• _GIVEN ENTRIES_:
Fixpoint Mrec (R : realType) (p : {poly R}) (fuel : nat) (s : seq R) : R :=
  match fuel with
  | 0 => head 0 s
  | fuel'.+1 =>
      if (size s <= 1)%N then head 0 s
      else malpha p (Mrec p fuel' (take (size s)./2 s))
                    (Mrec p fuel' (drop (size s)./2 s))
  end.
Definition Mtree (R : realType) (p : {poly R}) (s : seq R) : R := Mrec p (size s) s.

(* B' = B / (0.5 - (ceil(log2 n) - 1) 2^-alpha); up_log 2 n = ceil(log2 n) *)
Definition Bprime (R : realType) (alpha n : nat) (B : R) : R :=
  B / (2^-1 - ((up_log 2 n)%:R - 1) * 2 ^- alpha).

Definition Mtilde (R : realType) (p : {poly R}) (alpha : nat) (B : R) (s : seq R) : R :=
  let B' := Bprime alpha (size s) B in
  B' * (Mtree p [seq y / B' + 2^-1 | y <- s] - 2^-1).

Definition block_approx (R : realType) (p : nat -> {poly R}) (alpha : nat) (B : R)
  (m n : nat) (A : block R m n) : 'cV[R]_m -> 'cV[R]_n :=
  match A in block _ m n return 'cV[R]_m -> 'cV[R]_n with
  | BLinear _ _ M b => fun x => M *m x + b
  | BReLU _ => fun x => \col_i rtilde (p alpha) B (x i 0)
  | BMaxPool _ _ _ _ w => fun x => \col_j Mtilde (p alpha) alpha B (window w x j)
  | BSoftmax _ => fun x => softmax x
  end.

Fixpoint model_eval (R : realType) (ev : forall m n, block R m n -> 'cV[R]_m -> 'cV[R]_n)
  (m n : nat) (F : model R m n) : 'cV[R]_m -> 'cV[R]_n :=
  match F in model _ m n return 'cV[R]_m -> 'cV[R]_n with
  | MBlock _ _ b => ev _ _ b
  | MComp _ _ _ A F' => fun x => ev _ _ A (model_eval ev F' x)
  end.

Fixpoint inner_bounded (R : realType) (ev : forall m n, block R m n -> 'cV[R]_m -> 'cV[R]_n)
  (B : R) (m n : nat) (F : model R m n) : 'cV[R]_m -> Prop :=
  match F in model _ m n return 'cV[R]_m -> Prop with
  | MBlock _ _ _ => fun _ => True
  | MComp _ _ _ _ F' => fun x =>
      inner_bounded ev B F' x /\ supnorm (model_eval ev F' x) <= B
  end.

From HB Require Import structures.
From mathcomp Require Import all_boot all_order all_algebra.
From mathcomp Require Import reals.
From mathcomp Require Import sequences exp.
From mathcomp Require Import ring lra zify.
Set Implicit Arguments. Unset Strict Implicit.
Import Order.TTheory GRing.Theory Num.Theory.
Local Open Scope ring_scope.

(* Errors propagate block by block: every approximate block, evaluated at a
   point y of the B-ball, is within c 2^-alpha + L |y - x| of the exact block
   at x, so by induction on the model the total error is C 2^-alpha.  Linear
   and softmax blocks are exact and Lipschitz on the ball.  For ReLU,
   r_alpha(t) = m_alpha(t, 0), which is 2^-alpha-close to max(t, 0).  For max
   pooling, the balanced tree of m_alpha's loses 2^-alpha per level as long as
   all its arguments stay in [0, 1]; the rescaling by B' places the inputs in
   [(D-1) 2^-alpha, 1 - (D-1) 2^-alpha] for a tree of depth D <= 7, which is
   exactly the margin that keeps every intermediate value in [0, 1]. *)

Section MaxSeq.
Variable R : realType.
Implicit Types (a b c d e : R) (s : seq R).

Lemma ler_dist_max a b c d e :
  `|a - c| <= e -> `|b - d| <= e -> `|Num.max a b - Num.max c d| <= e.
Proof.
rewrite !ler_norml => /andP[? ?] /andP[? ?].
by case: (leP a b); case: (leP c d) => *; apply/andP; split; lra.
Qed.

Lemma maxseq_cons a s : maxseq (a :: s) = foldr Num.max a s.
Proof.
rewrite /maxseq /= max_r //.
by elim: s => [|b s IHs] //=; rewrite le_max IHs orbT.
Qed.

Lemma maxseq_mem s : s != [::] -> maxseq s \in s.
Proof.
case: s => [//|a s] _; rewrite maxseq_cons.
elim: s => [|b s IHs] /=; first by rewrite mem_seq1.
case: (leP b (foldr Num.max a s)) => _; last by rewrite !inE eqxx orbT.
by move: IHs; rewrite !inE => /orP[->|->]; rewrite ?orbT.
Qed.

• _YOUR INSTRUCTIONS_: Across the listing, how many lines hold the word "Require"? Please state that number only.

• _SOLVED EXERCISE_: 5